Only one stretch of the records below is wanted: the lines from the one holding "Definition letter : Type" through the one holding "Definition vgen (ty". Return it exactly, both ends included.
RECORDS PROVIDED: Begin
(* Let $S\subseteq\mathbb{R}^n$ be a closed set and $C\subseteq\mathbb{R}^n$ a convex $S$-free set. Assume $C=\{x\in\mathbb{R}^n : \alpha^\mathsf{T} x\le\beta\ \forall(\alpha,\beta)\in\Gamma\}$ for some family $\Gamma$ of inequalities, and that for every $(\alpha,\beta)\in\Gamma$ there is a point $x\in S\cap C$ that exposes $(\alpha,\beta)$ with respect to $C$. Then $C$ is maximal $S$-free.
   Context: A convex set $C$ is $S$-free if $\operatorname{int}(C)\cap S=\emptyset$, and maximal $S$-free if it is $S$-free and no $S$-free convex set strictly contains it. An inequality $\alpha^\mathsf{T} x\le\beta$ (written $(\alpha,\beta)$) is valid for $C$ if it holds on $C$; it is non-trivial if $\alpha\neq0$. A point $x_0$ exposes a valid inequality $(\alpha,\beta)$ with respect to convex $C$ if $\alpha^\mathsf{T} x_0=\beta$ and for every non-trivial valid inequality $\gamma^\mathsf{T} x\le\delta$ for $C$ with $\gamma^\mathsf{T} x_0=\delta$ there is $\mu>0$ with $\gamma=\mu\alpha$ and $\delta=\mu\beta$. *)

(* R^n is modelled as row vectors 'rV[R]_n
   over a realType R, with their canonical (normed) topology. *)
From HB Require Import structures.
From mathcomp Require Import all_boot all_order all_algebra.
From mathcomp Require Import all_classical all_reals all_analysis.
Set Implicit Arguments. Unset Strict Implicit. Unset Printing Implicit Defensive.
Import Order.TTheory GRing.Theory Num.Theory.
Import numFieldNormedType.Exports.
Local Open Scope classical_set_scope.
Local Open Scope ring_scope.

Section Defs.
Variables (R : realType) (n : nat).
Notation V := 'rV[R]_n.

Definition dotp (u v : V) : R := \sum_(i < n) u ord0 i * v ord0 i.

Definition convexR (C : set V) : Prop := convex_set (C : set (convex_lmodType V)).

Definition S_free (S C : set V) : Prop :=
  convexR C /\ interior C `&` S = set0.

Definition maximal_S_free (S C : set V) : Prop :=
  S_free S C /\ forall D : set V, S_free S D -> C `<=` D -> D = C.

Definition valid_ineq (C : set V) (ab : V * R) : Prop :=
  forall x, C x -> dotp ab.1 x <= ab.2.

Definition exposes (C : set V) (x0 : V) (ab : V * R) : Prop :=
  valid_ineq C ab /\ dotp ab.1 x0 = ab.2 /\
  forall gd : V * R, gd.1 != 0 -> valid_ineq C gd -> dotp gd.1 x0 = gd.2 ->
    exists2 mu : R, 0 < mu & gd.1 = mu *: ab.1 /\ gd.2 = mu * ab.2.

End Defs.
RECORDS PROVIDED: End
RECORDS PROVIDED: Begin
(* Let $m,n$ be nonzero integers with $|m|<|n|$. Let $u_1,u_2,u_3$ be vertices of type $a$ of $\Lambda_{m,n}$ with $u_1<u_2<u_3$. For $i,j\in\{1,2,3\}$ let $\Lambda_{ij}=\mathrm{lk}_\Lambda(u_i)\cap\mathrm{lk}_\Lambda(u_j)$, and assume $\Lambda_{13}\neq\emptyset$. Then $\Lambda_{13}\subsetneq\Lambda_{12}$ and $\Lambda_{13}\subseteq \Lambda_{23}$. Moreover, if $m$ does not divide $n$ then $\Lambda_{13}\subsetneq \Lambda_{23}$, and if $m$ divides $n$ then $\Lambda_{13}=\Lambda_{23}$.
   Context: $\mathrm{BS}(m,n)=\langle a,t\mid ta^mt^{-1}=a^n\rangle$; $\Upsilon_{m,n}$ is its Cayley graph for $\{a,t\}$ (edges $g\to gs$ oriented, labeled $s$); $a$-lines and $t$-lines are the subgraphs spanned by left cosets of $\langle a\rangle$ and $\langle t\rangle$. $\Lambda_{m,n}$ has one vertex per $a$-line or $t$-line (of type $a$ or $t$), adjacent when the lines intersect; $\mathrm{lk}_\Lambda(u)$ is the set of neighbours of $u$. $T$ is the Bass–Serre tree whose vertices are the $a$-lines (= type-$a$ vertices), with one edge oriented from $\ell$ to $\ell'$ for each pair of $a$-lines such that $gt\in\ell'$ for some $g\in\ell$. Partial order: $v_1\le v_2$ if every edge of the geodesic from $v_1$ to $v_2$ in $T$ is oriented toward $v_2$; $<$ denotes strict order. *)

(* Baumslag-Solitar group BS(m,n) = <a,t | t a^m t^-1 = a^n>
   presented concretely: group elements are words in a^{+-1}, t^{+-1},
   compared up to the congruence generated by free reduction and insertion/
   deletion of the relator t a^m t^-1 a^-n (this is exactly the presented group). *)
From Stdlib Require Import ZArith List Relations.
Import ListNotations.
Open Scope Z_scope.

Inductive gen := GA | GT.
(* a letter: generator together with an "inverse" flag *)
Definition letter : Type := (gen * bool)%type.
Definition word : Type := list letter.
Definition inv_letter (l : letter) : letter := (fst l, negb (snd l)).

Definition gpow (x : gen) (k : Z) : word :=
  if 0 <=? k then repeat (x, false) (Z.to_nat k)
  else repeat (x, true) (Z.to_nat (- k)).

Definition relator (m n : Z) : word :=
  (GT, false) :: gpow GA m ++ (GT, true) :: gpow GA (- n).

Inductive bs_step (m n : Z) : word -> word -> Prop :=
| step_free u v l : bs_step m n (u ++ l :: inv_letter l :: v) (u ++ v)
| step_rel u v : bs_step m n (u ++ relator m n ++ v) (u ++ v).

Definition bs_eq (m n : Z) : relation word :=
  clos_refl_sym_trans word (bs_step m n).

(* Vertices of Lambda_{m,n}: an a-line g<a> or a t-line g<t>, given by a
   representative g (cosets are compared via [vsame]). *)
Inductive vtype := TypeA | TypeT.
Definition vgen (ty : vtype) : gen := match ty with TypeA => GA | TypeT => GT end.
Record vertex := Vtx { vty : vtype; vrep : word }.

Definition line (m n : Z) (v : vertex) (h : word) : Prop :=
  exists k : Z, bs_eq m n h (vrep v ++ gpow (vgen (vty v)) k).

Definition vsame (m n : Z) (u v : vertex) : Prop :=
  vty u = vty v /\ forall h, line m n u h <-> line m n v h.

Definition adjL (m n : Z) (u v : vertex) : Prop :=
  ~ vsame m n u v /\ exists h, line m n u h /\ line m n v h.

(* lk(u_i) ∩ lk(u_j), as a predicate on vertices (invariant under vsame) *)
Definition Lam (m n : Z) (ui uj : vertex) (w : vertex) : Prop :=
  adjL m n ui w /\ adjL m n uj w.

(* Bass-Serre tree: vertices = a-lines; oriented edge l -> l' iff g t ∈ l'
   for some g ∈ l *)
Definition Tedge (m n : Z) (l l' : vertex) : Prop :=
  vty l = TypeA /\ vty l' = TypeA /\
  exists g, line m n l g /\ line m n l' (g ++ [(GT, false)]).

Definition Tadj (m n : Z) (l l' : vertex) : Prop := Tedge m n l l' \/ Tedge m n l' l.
RECORDS PROVIDED: End
> **TASK OUTPUT**
Definition letter : Type := (gen * bool)%type.
Definition word : Type := list letter.
Definition inv_letter (l : letter) : letter := (fst l, negb (snd l)).

Definition gpow (x : gen) (k : Z) : word :=
  if 0 <=? k then repeat (x, false) (Z.to_nat k)
  else repeat (x, true) (Z.to_nat (- k)).

Definition relator (m n : Z) : word :=
  (GT, false) :: gpow GA m ++ (GT, true) :: gpow GA (- n).

Inductive bs_step (m n : Z) : word -> word -> Prop :=
| step_free u v l : bs_step m n (u ++ l :: inv_letter l :: v) (u ++ v)
| step_rel u v : bs_step m n (u ++ relator m n ++ v) (u ++ v).

Definition bs_eq (m n : Z) : relation word :=
  clos_refl_sym_trans word (bs_step m n).

(* Vertices of Lambda_{m,n}: an a-line g<a> or a t-line g<t>, given by a
   representative g (cosets are compared via [vsame]). *)
Inductive vtype := TypeA | TypeT.
Definition vgen (ty : vtype) : gen := match ty with TypeA => GA | TypeT => GT end.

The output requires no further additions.